Nel documento Il doppio vincolo di Cristo. (pagine 150-155)

CAPITOLO 3: L’IDIOTA E L’ÜBERMENSCH

3.3 NUOVE DIVINITÀ

3.3.1 UNA FALSA IMITAZIONE

Concependo Cristo come un decadente affetto da idiotismo, Nietzsche, allo stesso modo di Girard, lo rende ineguagliabile.

La sua visione di Gesù è contraddittoria.

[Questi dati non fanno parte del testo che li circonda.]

Lemma sum_norm_Mterm_le N k (l : seq vec) : 1 <= s -> 0 <= M -> div_free u ->
  k != 0 -> uniq l -> all (fun p => p != 0) l ->
  \sum_(p <- l | k - p \in LamN N) `|Mterm u k p (k - p)|
    <= 9 * M ^+ 3 * knorm R k `^ (2 - s).
Proof.
move=> s1 M0 udf k0 ul l0; have k1 := knorm_ge1 R k0.
have sqr_split : (normsq k)%:~R = knorm R k `^ (2 - s) * knorm R k `^ s.
  rewrite -sqr_knorm -powRD; last by apply/implyP => _; rewrite gt_eqF // (lt_le_trans ltr01).
  by rewrite subrK powR_mulrn ?knorm_ge0.
apply: le_trans (ler_sum _ (fun p _ => norm_Mterm_le k p (k - p) udf)) _.
rewrite -mulr_sumr.
apply: le_trans (ler_wpM2l _ (sum_convolution_le N k s1 ul l0)) _.
  by rewrite !mulr_ge0 ?ler0z ?normsq_ge0 ?cnorm_ge0.
rewrite sqr_split (_ : _ * _ * M ^+ 2 =
  9 * knorm R k `^ (2 - s) * M ^+ 2 * (knorm R k `^ s * cnorm (u k))); last by ring.
rewrite (_ : 9 * M ^+ 3 * _ = 9 * knorm R k `^ (2 - s) * M ^+ 2 * M); last by ring.
by rewrite ler_wpM2l ?Hs_coef_le // !mulr_ge0 ?powR_ge0 ?sqr_ge0.
Qed.

End HsBounds.

Local Open Scope fset_scope.

Lemma norm_Mab_le (R : realType) N (u : field R) (a b : {fset vec}) :
  `|Mab N u a b| <= (#|` a|%:R)^-1 *
    \sum_(k <- a) \sum_(p <- b | k - p \in LamN N) `|Mterm u k p (k - p)|.
Proof.
rewrite /Mab normrM ger0_norm ?invr_ge0 ?ler0n // ler_wpM2l ?invr_ge0 ?ler0n //.
apply: le_trans (ler_norm_sum _ _ _) _; apply: ler_sum => k _.
exact: ler_norm_sum.
Qed.

Lemma sum_OrbN_fcover (R : realType) N (F : vec -> R) :
  \sum_(b <- OrbN N) \sum_(p <- b) F p = \sum_(p <- \bigcup_(b <- OrbN N) b) F p.
Proof.
rewrite (@partition_disjoint_bigfcup _ _ _ _ _ F id) // => b1 b2.
exact: OrbN_disjoint.
Qed.

Lemma sum_norm_Mab_le (R : realType) (s M : R) (u : field R) N a ka :
  1 <= s -> 0 <= M -> div_free u -> (Hs_normsq s u <= (M ^+ 2)%:E)%E ->
  a \in OrbN N -> ka \in a ->
  \sum_(b <- OrbN N) `|Mab N u a b| <= 9 * M ^+ 3 * knorm R ka `^ (2 - s).
Proof.
move=> s1 M0 udf uHs aN kaa; set c := 9 * M ^+ 3 * _.
set U := \bigcup_(b <- OrbN N) b.
have U0 : all (fun p => p != 0) U.
  by apply/allP => p /bigfcupP [b /andP[bN _] pb]; exact: OrbN_neq0 bN pb.
have per_k k : k \in a ->
    \sum_(b <- OrbN N) \sum_(p <- b | k - p \in LamN N) `|Mterm u k p (k - p)| <= c.
  move=> k_a; under eq_bigr do rewrite big_mkcond /=.
  rewrite sum_OrbN_fcover -big_mkcond /c /knorm -(OrbN_normsq_const aN k_a kaa).
  exact: sum_norm_Mterm_le (OrbN_neq0 aN k_a) (fset_uniq U) U0.
apply: le_trans (ler_sum _ (fun b _ => norm_Mab_le N u a b)) _.
rewrite -mulr_sumr exchange_big /=.
apply: le_trans (ler_wpM2l _ (_ : _ <= \sum_(k <- a) c)) _.
- by rewrite invr_ge0 ler0n.
- by rewrite big_seq [X in _ <= X]big_seq; apply: ler_sum => k /per_k.
have a_gt0 : (0 < #|` a|)%N by rewrite cardfs_gt0; apply/fset0Pn; exists ka.
have -> : \sum_(k <- a) c = #|` a|%:R * c.
  by rewrite card_fset_sum1 natr_sum mulr_suml; apply: eq_bigr => k _; rewrite mul1r.
by rewrite mulrA mulVf ?mul1r // pnatr_eq0 -lt0n.
Qed.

Da una parte, infatti, sostiene che l’autentico Vangelo di Cristo, consistente nell’introspezione e nella simbolizzazione della realtà, sia possibile in ogni tempo per chiunque, poiché dissolve la differenza ontologica tra uomo e Dio. Dall’altra, egli lo descrive come un unicum di mansuetudine. La sua beatitudine derivante dalla contemplazione dell’eternità si deve esclusivamente alla sua degenerazione fisiologica, vale a dire alla sua particolare tipologia di

décadence. L’uomo che voglia emulare Cristo dovrà, a sua volta, essere un decadente.

Tuttavia, rifacendosi al personaggio di Dostoevskij, il principe Myŝkin, Nietzsche constata l’impraticabilità dell’emulazione del degenerato Gesù. Il suo eccesso di bontà, invero, contribuisce alla proliferazione del male. Gli uomini, in particolare i decadenti del

ressentiment, non possono accettare una purezza tanto radicale. La loro malizia ne capovolge

il significato, tramutandolo in motivo di persecuzione e odio. Così si spiega, per il filosofo, la fondazione del cristianesimo dogmatico e istituzionale.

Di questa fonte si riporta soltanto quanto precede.